[Problem to work on]: In the records, each line holding "chain" must be reported.

[Input material]:
******************************

Lemma double_s_not_step : ~~ step (s%:R + s%:R).
Proof.
apply/negP => /(step_add step_s step_s) [h _ _].
by move: one_neq_s; rewrite h eqxx.
Qed.

Lemma Omega_eq0_s_neq2 N (u : chain N.+2) : s != 2%N -> (0 < N)%N -> Omega arr u -> u = 0.
Proof.
move=> hs hN hu; apply/ffunP => t; rewrite ffunE.
have [ha|hna] := boolP (allowed arr (val t)); last exact: Omega_out hu hna.
have d0 : step (t`_1 - t`_0) by apply: allowed_step.
have d1 : step (t`_2 - t`_1) by apply: allowed_step.
have d2 : step (t`_3 - t`_2) by apply: allowed_step => //; lia.
have [e01|ne01] := eqVneq (t`_1 - t`_0) (t`_2 - t`_1).
  by apply: (Omega_repeated_step (i := 0)) => //; apply: double_step_not_step.
have [e12|ne12] := eqVneq (t`_2 - t`_1) (t`_3 - t`_2).
  by apply: (Omega_repeated_step (i := 1)) => //; apply: double_step_not_step.
(* the steps alternate, so swapping the first two makes the second and third equal *)
have e02 : t`_1 - t`_0 = t`_3 - t`_2.
  by case: (stepP d0) (stepP d1) (stepP d2) ne01 ne12 => -> [] -> [] -> //; rewrite eqxx.
rewrite (Omega_swap_steps (i := 0)) //; set t' := swap_steps t 0.
have ht'1 : t'`_1 = t`_0 + (t`_2 - t`_1) by rewrite nth_upd.
have ht'2 : t'`_2 = t`_2 by rewrite nth_upd_ne.
have ht'3 : t'`_3 = t`_3 by rewrite nth_upd_ne //; lia.
rewrite (Omega_repeated_step (t := t') (i := 1)) ?oppr0 //.
- exact: allowed_swap_steps.
- by rewrite ht'1 ht'2 ht'3 -e02; ring.
- by rewrite ht'1 ht'2 (_ : _ - _ = t`_1 - t`_0) ?double_step_not_step //; ring.
Qed.

Lemma Omega2_eq0 (w : chain 2) : s != 2%N -> Omega arr w ->
  (forall a, w (one_s_tuple a) = 0) -> w = 0.
Proof.
move=> hs hw hP; apply/ffunP => t; rewrite ffunE.
have [ha|hna] := boolP (allowed arr (val t)); last exact: Omega_out hw hna.
have d0 : step (t`_1 - t`_0) by apply: allowed_step.
have d1 : step (t`_2 - t`_1) by apply: allowed_step.
have [e01|ne01] := eqVneq (t`_1 - t`_0) (t`_2 - t`_1).
  by apply: (Omega_repeated_step (i := 0)) => //; apply: double_step_not_step.
have [[e0 e1]|[e0 e1]] : (t`_1 - t`_0 = 1 /\ t`_2 - t`_1 = s%:R) \/
                     (t`_1 - t`_0 = s%:R /\ t`_2 - t`_1 = 1).
- by case: (stepP d0) (stepP d1) ne01 => -> [] ->; rewrite ?eqxx //; [left|right].
- suff -> : t = one_s_tuple t`_0 by apply: hP.
  by apply: (eq_from_nth_tuple (v0 := 0)) => -[|[|[|p]]] hp //=; rewrite -?e1 -e0; ring.
- rewrite (Omega_swap_steps (i := 0)) //.
  suff -> : swap_steps t 0 = one_s_tuple t`_0 by rewrite hP oppr0.
  apply: (eq_from_nth_tuple (v0 := 0)) => -[|[|[|p]]] hp //=; rewrite ?nth_upd //=.
    by rewrite e1.
  by rewrite -e0 -e1; ring.
Qed.

Lemma nth_unit_steps N (t : N.-tuple Z) k :
  (forall q, (q < k)%N -> t`_q.+1 - t`_q = 1) -> t`_k = t`_0 + k%:R.
Proof.
elim: k => [|k IH] h; first by rewrite addr0.
by rewrite -(subrK t`_k t`_k.+1) h // IH ?mulrSr 1?addrC ?addrA // => q hq; apply: h; lia.
Qed.

Lemma Omega_two_s_steps_eq0 N (w : chain N.+1) (t : N.+2.-tuple Z) p q :
  s = 2%N -> Omega arr w -> allowed arr (val t) -> (p < q <= N)%N ->
  t`_p.+1 - t`_p = s%:R -> t`_q.+1 - t`_q = s%:R -> w t = 0.
Proof.
move=> hs hw; elim: q t => [|i IH] t ha /andP[hpq hqN] sp sq //.
have hi : (i < N)%N by lia.
have di : step (t`_i.+1 - t`_i) by apply: allowed_step => //; lia.
case: (stepP di) => ei; last first.
  by apply: (Omega_repeated_step (i := i)) => //; rewrite ?ei ?sq // double_s_not_step.
have hip : i != p by apply/eqP => hip; move: one_neq_s; rewrite -sp -hip ei eqxx.
(* move the later [s]-step one position towards the earlier one *)
rewrite (Omega_swap_steps (i := i)) //; last by rewrite ei sq one_neq_s.
rewrite (IH _ (allowed_swap_steps ha hi)) ?oppr0 //; first lia.
  by rewrite nth_upd_ne ?nth_upd_ne //; lia.
rewrite nth_upd ?eqxx ?nth_upd_ne; try lia.
by rewrite -sq; ring.
Qed.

******************************

[Written answer]:
Lemma Omega_eq0_s_neq2 N (u : chain N.+2) : s != 2%N -> (0 < N)%N -> Omega arr u -> u = 0.
Lemma Omega2_eq0 (w : chain 2) : s != 2%N -> Omega arr w ->
Lemma Omega_two_s_steps_eq0 N (w : chain N.+1) (t : N.+2.-tuple Z) p q :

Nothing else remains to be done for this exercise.